Segment Start: Materials provided

(* Assume the setting of the context. Suppose $\gamma\in\mathcal{P}(S^K)$ is such that $\mathcal{M}(\gamma)=\{\nu\in\mathcal{P}(S^K):\gamma=M\nu\}$ is non-empty. Then $\inf\{J(\nu):\nu\in\mathcal{M}(\gamma)\}$ is attained at the symmetric measure \[ \nu_{sym}(\mathbf{x})=\frac{\gamma(\mathbf{x})}{K!\,\rho(\mathbf{x})},\qquad \mathbf{x}\in S^K. \]
   Context: **State space and dynamics.** $S$ is a finite set and $K\ge2$ an integer. For $k=1,\dots,K$, $\Gamma^k$ is an irreducible intensity matrix on $S$. It is reversible with respect to its unique invariant distribution $\mu_k$ (so $\mu_k>0$). Set $\mu=\mu_1\times\cdots\times\mu_K$. **Permutations and weights.** $\Sigma_K$ is the set of permutations of $\{1,\dots,K\}$, and $\mathbf{x}^\sigma=(x_{\sigma^{-1}(1)},\dots,x_{\sigma^{-1}(K)})$. Define $\rho(\mathbf{x})=\mu(\mathbf{x})/\sum_{\sigma'}\mu(\mathbf{x}^{\sigma'})$. **Infinite swapping rates.** - $\Gamma^\infty$ is the rate matrix on $S^K$ with $\Gamma^\infty_{\mathbf{x},\mathbf{y}}=\sum_\sigma\rho(\mathbf{x}^\sigma)\Gamma^{\sigma(i)}_{x_i,y_i}$ when $\mathbf{y}$ differs from $\mathbf{x}$ exactly in coordinate $i$. - Off-diagonal rates between states differing in two or more coordinates are $0$. - $q^\infty(\mathbf{x})=\sum_{\mathbf{y}\ne\mathbf{x}}\Gamma^\infty_{\mathbf{x},\mathbf{y}}$. - $\bar\mu(\mathbf{x})=\frac1{K!}\sum_\sigma\mu(\mathbf{x}^\sigma)$. **Map and functional.** - $(M\nu)(\mathbf{x})=\rho(\mathbf{x})\sum_{\sigma}\nu(\mathbf{x}^\sigma)$ for $\nu\in\mathcal{P}(S^K)$. - For $\nu\in\mathcal{P}(S^K)$ with $\theta=\nu/\bar\mu$, \[ J(\nu)=\sum_{\mathbf{x}}q^\infty(\mathbf{x})\theta(\mathbf{x})\bar\mu(\mathbf{x})-\sum_{\mathbf{x}\ne\mathbf{y}}\theta^{1/2}(\mathbf{x})\theta^{1/2}(\mathbf{y})\Gamma^\infty_{\mathbf{x},\mathbf{y}}\bar\mu(\mathbf{x}). \] *)

From HB Require Import structures.
From mathcomp Require Import all_boot all_order all_algebra all_fingroup.
Set Implicit Arguments. Unset Strict Implicit. Unset Printing Implicit Defensive.
Import Order.TTheory GRing.Theory Num.Theory.
Local Open Scope ring_scope.

Section InfiniteSwapping.
Variables (R : rcfType) (S : finType) (K : nat).
Variable Gamma : 'I_K -> S -> S -> R.
Variable mu : 'I_K -> S -> R.

Definition config := {ffun 'I_K -> S}.

Definition xperm (s : {perm 'I_K}) (x : config) : config :=
  [ffun i => x (s^-1%g i)].

Definition muprod (x : config) : R := \prod_(i < K) mu i (x i).

Definition rho (x : config) : R :=
  muprod x / \sum_(s : {perm 'I_K}) muprod (xperm s x).

Definition differ_only_at (x y : config) (i : 'I_K) : bool :=
  (x i != y i) && [forall j, (j != i) ==> (x j == y j)].

(* off-diagonal infinite swapping rates (zero unless x, y differ in exactly
   one coordinate; at most one i satisfies differ_only_at) *)
Definition Ginf (x y : config) : R :=
  \sum_(i < K | differ_only_at x y i)
     \sum_(s : {perm 'I_K}) rho (xperm s x) * Gamma (s i) (x i) (y i).

Definition qinf (x : config) : R := \sum_(y | y != x) Ginf x y.

Definition mubar (x : config) : R :=
  (K`!%:R)^-1 * \sum_(s : {perm 'I_K}) muprod (xperm s x).

Definition Mmap (nu : config -> R) (x : config) : R :=
  rho x * \sum_(s : {perm 'I_K}) nu (xperm s x).

Definition Jfun (nu : config -> R) : R :=
  let theta := fun x => nu x / mubar x in
  \sum_x qinf x * theta x * mubar x
  - \sum_x \sum_(y | y != x)
      Num.sqrt (theta x) * Num.sqrt (theta y) * Ginf x y * mubar x.

Definition nu_sym (gamma : config -> R) (x : config) : R :=
  gamma x / (K`!%:R * rho x).

End InfiniteSwapping.

Definition is_prob (R : numDomainType) (T : finType) (p : T -> R) : Prop :=
  (forall t, 0 <= p t) /\ \sum_t p t = 1.

Definition is_intensity (R : numDomainType) (S : finType) (G : S -> S -> R) : Prop :=
  (forall a b, a != b -> 0 <= G a b) /\ (forall a, \sum_b G a b = 0).

Definition irreducible_gen (R : numDomainType) (S : finType) (G : S -> S -> R) : Prop :=
  forall a b, connect [rel u v | (u != v) && (0 < G u v)] a b.

Definition is_invariant (R : numDomainType) (S : finType) (G : S -> S -> R) (m : S -> R) : Prop :=
  is_prob m /\ forall b, \sum_a m a * G a b = 0.

Definition reversible (R : numDomainType) (S : finType) (G : S -> S -> R) (m : S -> R) : Prop :=
  forall a b, m a * G a b = m b * G b a.

From HB Require Import structures.
From mathcomp Require Import all_boot all_order all_algebra all_fingroup.
From mathcomp Require Import ring lra.
Set Implicit Arguments. Unset Strict Implicit. Unset Printing Implicit Defensive.
Import Order.TTheory GRing.Theory Num.Theory.
Local Open Scope ring_scope.

(* If [M nu = gamma] then [nu_sym] is the average of [nu] over all coordinate
   permutations.  The functional [J], written in terms of [theta = nu / mubar],
   is invariant under these permutations (so are [mubar], [q^inf] and
   [Gamma^inf]) and convex: its first term is linear and its cross term is a
   nonnegative combination of the geometric means [sqrt (theta x theta y)],
   which are concave by Cauchy-Schwarz.  Jensen's inequality then gives
   [J nu_sym <= J nu]. *)

Lemma cauchy_schwarz (R : rcfType) (I : finType) (u v : I -> R) :
  \sum_i u i * v i <= Num.sqrt (\sum_i u i ^+ 2) * Num.sqrt (\sum_i v i ^+ 2).
Proof.
set A := \sum_i u i ^+ 2; set B := \sum_i v i ^+ 2; set C := \sum_i u i * v i.
have lagrange : \sum_i \sum_j (u i * v j - u j * v i) ^+ 2 = 2 * (A * B) - 2 * C ^+ 2.
  have expand i j : (u i * v j - u j * v i) ^+ 2 =
     u i ^+ 2 * v j ^+ 2 + v i ^+ 2 * u j ^+ 2 - 2 * ((u i * v i) * (u j * v j)).
    by ring.
  under eq_bigr do under eq_bigr do rewrite expand.
  rewrite (eq_bigr (fun i => u i ^+ 2 * B + v i ^+ 2 * A - 2 * ((u i * v i) * C))).
    rewrite sumrB big_split /= -!mulr_suml -mulr_sumr -mulr_suml.
    by rewrite /C expr2 -/C -/A -/B; ring.
  by move=> i _; rewrite sumrB big_split /= /A /B /C !mulr_sumr.
have : 0 <= \sum_i \sum_j (u i * v j - u j * v i) ^+ 2.
  by apply: sumr_ge0 => i _; apply: sumr_ge0 => j _; apply: sqr_ge0.
rewrite lagrange => lagrange_ge0.
have A_ge0 : 0 <= A by apply: sumr_ge0 => i _; apply: sqr_ge0.
have B_ge0 : 0 <= B by apply: sumr_ge0 => i _; apply: sqr_ge0.
rewrite -sqrtrM //; apply: le_trans (ler_norm C) _.
by rewrite -sqrtr_sqr ler_wsqrtr //; lra.
Qed.

Lemma sum_sqrtrM_le (R : rcfType) (I : finType) (a b : I -> R) :
  (forall i, 0 <= a i) -> (forall i, 0 <= b i) ->
  \sum_i Num.sqrt (a i) * Num.sqrt (b i)
    <= Num.sqrt (\sum_i a i) * Num.sqrt (\sum_i b i).
Proof.
move=> a_ge0 b_ge0.
have sum_sqr (c : I -> R) : (forall i, 0 <= c i) -> \sum_i Num.sqrt (c i) ^+ 2 = \sum_i c i.
  by move=> c_ge0; apply: eq_bigr => i _; rewrite sqr_sqrtr.
by rewrite -(sum_sqr a) // -(sum_sqr b) //; apply: cauchy_schwarz.
Qed.

Section CoordinatePermutations.
Variables (R : rcfType) (S : finType) (K : nat).

Local Notation config := (config S K).
Local Notation xperm := (@xperm S K).

Lemma xpermM (s t : {perm 'I_K}) x : xperm s (xperm t x) = xperm (t * s)%g x.
Proof. by apply/ffunP => i; rewrite !ffunE invMg permM. Qed.

Lemma xperm_inj s : injective (xperm s).
Proof.
apply: (can_inj (g := xperm s^-1%g)) => x.
by apply/ffunP => i; rewrite xpermM mulgV !ffunE invg1 perm1.
Qed.

Lemma sum_xperm s (F : config -> R) : \sum_x F (xperm s x) = \sum_x F x.
Proof. exact: esym (reindex_inj (@xperm_inj s)). Qed.

Lemma sum_perm_mulg t (F : {perm 'I_K} -> R) : \sum_s F (t * s)%g = \sum_s F s.
Proof. exact: esym (reindex_inj (mulgI t)). Qed.

Lemma sum_perm_xperm t (F : config -> R) x :
  \sum_(s : {perm 'I_K}) F (xperm s (xperm t x)) = \sum_s F (xperm s x).
Proof.
under eq_bigr do rewrite xpermM.
exact: sum_perm_mulg (fun s => F (xperm s x)).
Qed.

Lemma sum_perm_const (a : R) : \sum_(s : {perm 'I_K}) a = a * K`!%:R.
Proof. by rewrite sumr_const card_Sn mulr_natr. Qed.

Lemma fact_gt0R : 0 < K`!%:R :> R.
Proof. by rewrite ltr0n fact_gt0. Qed.

Lemma differ_only_at_xperm t x y i :
  differ_only_at (xperm t x) (xperm t y) i = differ_only_at x y (t^-1%g i).
Proof.
rewrite /differ_only_at !ffunE; congr (_ && _).
apply/forallP/forallP => eq_off j.
  apply/implyP => j_neq; have := eq_off (t j); rewrite !ffunE permK => /implyP.
  by apply; apply: contra j_neq => /eqP <-; rewrite permK.
apply/implyP => j_neq; have := eq_off (t^-1%g j); rewrite !ffunE => /implyP.
by apply; apply: contra j_neq => /eqP /perm_inj ->.
Qed.

Definition symmetrize (nu : config -> R) (x : config) : R :=
  (K`!%:R)^-1 * \sum_(s : {perm 'I_K}) nu (xperm s x).

Lemma symmetrize_xperm nu t x : symmetrize nu (xperm t x) = symmetrize nu x.
Proof. by rewrite /symmetrize sum_perm_xperm. Qed.

Lemma symmetrize_prob nu : is_prob nu -> is_prob (symmetrize nu).
Proof.
move=> [nu_ge0 nu_sum]; split=> [x|].
  by rewrite mulr_ge0 ?invr_ge0 ?ler0n ?sumr_ge0.
rewrite -mulr_sumr exchange_big /=.
under eq_bigr do rewrite sum_xperm nu_sum.
by rewrite sum_perm_const mul1r mulVf // gt_eqF // fact_gt0R.
Qed.

End CoordinatePermutations.

Section SwappingRates.
Variables (R : rcfType) (S : finType) (K : nat).
Variable Gamma : 'I_K -> S -> S -> R.
Variable mu : 'I_K -> S -> R.
Hypothesis mu_gt0 : forall k a, 0 < mu k a.
Hypothesis Gamma_ge0 : forall k a b, a != b -> 0 <= Gamma k a b.

Local Notation config := (config S K).
Local Notation xperm := (@xperm S K).

Lemma muprod_gt0 x : 0 < muprod mu x.
Proof. by apply: prodr_gt0 => i _; apply: mu_gt0. Qed.

Lemma sum_muprod_gt0 x : 0 < \sum_(s : {perm 'I_K}) muprod mu (xperm s x).
Proof.
rewrite (bigD1 1%g) //=; apply: ltr_pwDl; first exact: muprod_gt0.
by apply: sumr_ge0 => s _; apply/ltW/muprod_gt0.
Qed.

Lemma rho_gt0 x : 0 < rho mu x.
Proof. by rewrite divr_gt0 ?muprod_gt0 ?sum_muprod_gt0. Qed.

Lemma mubar_gt0 x : 0 < mubar mu x.
Proof. by rewrite mulr_gt0 ?invr_gt0 ?fact_gt0R ?sum_muprod_gt0. Qed.

Lemma mubar_xperm t x : mubar mu (xperm t x) = mubar mu x.
Proof. by rewrite /mubar sum_perm_xperm. Qed.

Lemma Ginf_xperm t x y :
  Ginf Gamma mu (xperm t x) (xperm t y) = Ginf Gamma mu x y.
Proof.
rewrite /Ginf (reindex_inj (@perm_inj _ t)) /=.
apply: eq_big => [j|j _]; first by rewrite differ_only_at_xperm permK.
rewrite !ffunE permK; under eq_bigr do rewrite xpermM -permM.
exact: (sum_perm_mulg t (fun s => rho mu (xperm s x) * Gamma (s j) (x j) (y j))).
Qed.

Lemma qinf_xperm t x : qinf Gamma mu (xperm t x) = qinf Gamma mu x.
Proof.
rewrite /qinf (reindex_inj (@xperm_inj _ _ t)) /=.
apply: eq_big => [y|y _]; last by rewrite Ginf_xperm.
by rewrite (inj_eq (@xperm_inj _ _ t)).
Qed.

Lemma Ginf_ge0 x y : 0 <= Ginf Gamma mu x y.
Proof.
apply: sumr_ge0 => i /andP [xy_neq _]; apply: sumr_ge0 => s _.
by rewrite mulr_ge0 ?Gamma_ge0 // ltW // rho_gt0.
Qed.

Lemma Mmap_symmetrize nu : Mmap mu (symmetrize nu) =1 Mmap mu nu.
Proof.
move=> x; rewrite /Mmap; under eq_bigr do rewrite symmetrize_xperm.
rewrite sum_perm_const /symmetrize; congr (_ * _).
by rewrite mulrAC mulVf ?mul1r // gt_eqF // fact_gt0R.
Qed.

Lemma nu_sym_symmetrize gamma nu :
  gamma =1 Mmap mu nu -> nu_sym mu gamma =1 symmetrize nu.
Proof.
move=> gammaE x; rewrite /nu_sym gammaE /Mmap /symmetrize.
have rho_x_gt0 := rho_gt0 x; have fact_gt0 := @fact_gt0R R K.
by field; rewrite !gt_eqF.
Qed.

Definition Jtheta (theta : config -> R) : R :=
  \sum_x qinf Gamma mu x * theta x * mubar mu x
  - \sum_x \sum_(y | y != x)
      Num.sqrt (theta x) * Num.sqrt (theta y) * Ginf Gamma mu x y * mubar mu x.

Lemma eq_Jtheta f g : f =1 g -> Jtheta f = Jtheta g.
Proof.
move=> fg; rewrite /Jtheta; congr (_ - _); apply: eq_bigr => x _.
  by rewrite fg.
by apply: eq_bigr => y _; rewrite !fg.
Qed.

Lemma JfunE nu : Jfun Gamma mu nu = Jtheta (fun x => nu x / mubar mu x).
Proof. by []. Qed.

Lemma eq_Jfun nu nu' : nu =1 nu' -> Jfun Gamma mu nu = Jfun Gamma mu nu'.
Proof. by move=> nuE; rewrite !JfunE; apply: eq_Jtheta => x; rewrite nuE. Qed.

Lemma Jtheta_xperm t theta : Jtheta (fun x => theta (xperm t x)) = Jtheta theta.
Proof.
rewrite /Jtheta; congr (_ - _).
  rewrite -(sum_xperm t (fun x => qinf Gamma mu x * theta x * mubar mu x)).
  by apply: eq_bigr => x _; rewrite qinf_xperm mubar_xperm.
rewrite -(sum_xperm t (fun x => \sum_(y | y != x) Num.sqrt (theta x)
            * Num.sqrt (theta y) * Ginf Gamma mu x y * mubar mu x)).
apply: eq_bigr => x _; rewrite [RHS](reindex_inj (@xperm_inj _ _ t)) /=.
apply: eq_big => [y|y _]; first by rewrite (inj_eq (@xperm_inj _ _ t)).
by rewrite Ginf_xperm mubar_xperm.
Qed.

Lemma Jtheta_sum_le (c : R) (F : {perm 'I_K} -> config -> R) :
  0 <= c -> (forall s x, 0 <= F s x) ->
  Jtheta (fun x => c * \sum_s F s x) <= c * \sum_s Jtheta (F s).
Proof.
move=> c_ge0 F_ge0; rewrite /Jtheta sumrB mulrBr.
have -> : c * \sum_s \sum_x qinf Gamma mu x * F s x * mubar mu x =
    \sum_x qinf Gamma mu x * (c * \sum_s F s x) * mubar mu x.
  rewrite exchange_big /= mulr_sumr; apply: eq_bigr => x _.
  by rewrite -mulr_suml -mulr_sumr; ring.
rewrite lerD2l lerN2 [in X in X <= _]exchange_big /= mulr_sumr; apply: ler_sum => x _.
rewrite [in X in X <= _]exchange_big /= mulr_sumr; apply: ler_sum => y _.
have weight_ge0 : 0 <= Ginf Gamma mu x y * mubar mu x.
  by rewrite mulr_ge0 ?Ginf_ge0 // ltW // mubar_gt0.
rewrite -!mulr_suml -!mulrA [X in X <= _]mulrA [X in _ <= X]mulrA.
apply: ler_wpM2r => //.
have sum_ge0 z : 0 <= \sum_s F s z by apply: sumr_ge0.
rewrite !sqrtrM // mulrACA -expr2 sqr_sqrtr // ler_wpM2l //.
exact: sum_sqrtrM_le.
Qed.

Lemma Jfun_symmetrize_le nu :
  (forall x, 0 <= nu x) -> Jfun Gamma mu (symmetrize nu) <= Jfun Gamma mu nu.
Proof.
move=> nu_ge0; set theta := fun x => nu x / mubar mu x.
have theta_ge0 s x : 0 <= theta (xperm s x).
  by rewrite divr_ge0 // ltW // mubar_gt0.
have inv_fact_ge0 : 0 <= (K`!%:R : R)^-1 by rewrite invr_ge0 ler0n.
rewrite JfunE [X in _ <= X]JfunE.
have -> : Jtheta (fun x => symmetrize nu x / mubar mu x)
    = Jtheta (fun x => (K`!%:R)^-1 * \sum_s theta (xperm s x)).
  apply: eq_Jtheta => x; rewrite /symmetrize -mulrA mulr_suml.
  by congr (_ * _); apply: eq_bigr => s _; rewrite /theta mubar_xperm.
apply: le_trans (Jtheta_sum_le inv_fact_ge0 theta_ge0) _.
under eq_bigr do rewrite Jtheta_xperm.
by rewrite sum_perm_const mulrCA mulVf ?mulr1 // gt_eqF // fact_gt0R.
Qed.

End SwappingRates.

Theorem proposition3p2 (R : rcfType) (S : finType) (K : nat)
  (Gamma : 'I_K -> S -> S -> R) (mu : 'I_K -> S -> R) :
  (2 <= K)%N ->
  (forall k, is_intensity (Gamma k)) ->
  (forall k, irreducible_gen (Gamma k)) ->
  (forall k, is_invariant (Gamma k) (mu k)) ->
  (forall k m, is_invariant (Gamma k) m -> m =1 mu k) ->
  (forall k, reversible (Gamma k) (mu k)) ->
  (forall k a, 0 < mu k a) ->
  forall gamma : config S K -> R,
  is_prob gamma ->
  (exists nu : config S K -> R, is_prob nu /\ gamma =1 Mmap mu nu) ->
  [/\ is_prob (nu_sym mu gamma),
      gamma =1 Mmap mu (nu_sym mu gamma) &
      forall nu : config S K -> R, is_prob nu -> gamma =1 Mmap mu nu ->
        Jfun Gamma mu (nu_sym mu gamma) <= Jfun Gamma mu nu].
Proof.
move=> _ intensity _ _ _ _ mu_gt0 gamma _ [nu0 [nu0_prob gammaE]].
have Gamma_ge0 k a b : a != b -> 0 <= Gamma k a b.
  by case: (intensity k) => offdiag_ge0 _; apply: offdiag_ge0.
have nu_symE := nu_sym_symmetrize mu_gt0 gammaE.
split.
- have [sym_ge0 sym_sum] := symmetrize_prob nu0_prob.
  split=> [x|]; first by rewrite nu_symE.
  by rewrite -sym_sum; apply: eq_bigr => x _; rewrite nu_symE.
- move=> x; rewrite gammaE -(Mmap_symmetrize mu nu0 x) /Mmap.
  by congr (_ * _); apply: eq_bigr => s _; rewrite nu_symE.
- move=> nu [nu_ge0 _] gammaE'.
  rewrite (eq_Jfun Gamma mu (nu_sym_symmetrize mu_gt0 gammaE')).
  exact: Jfun_symmetrize_le.
Qed.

Segment End: Materials provided

What you are asked to do: Look through the data above for the word "InfiniteSwapping". Report each line where it occurs.

Result for this task:
Section InfiniteSwapping.
End InfiniteSwapping.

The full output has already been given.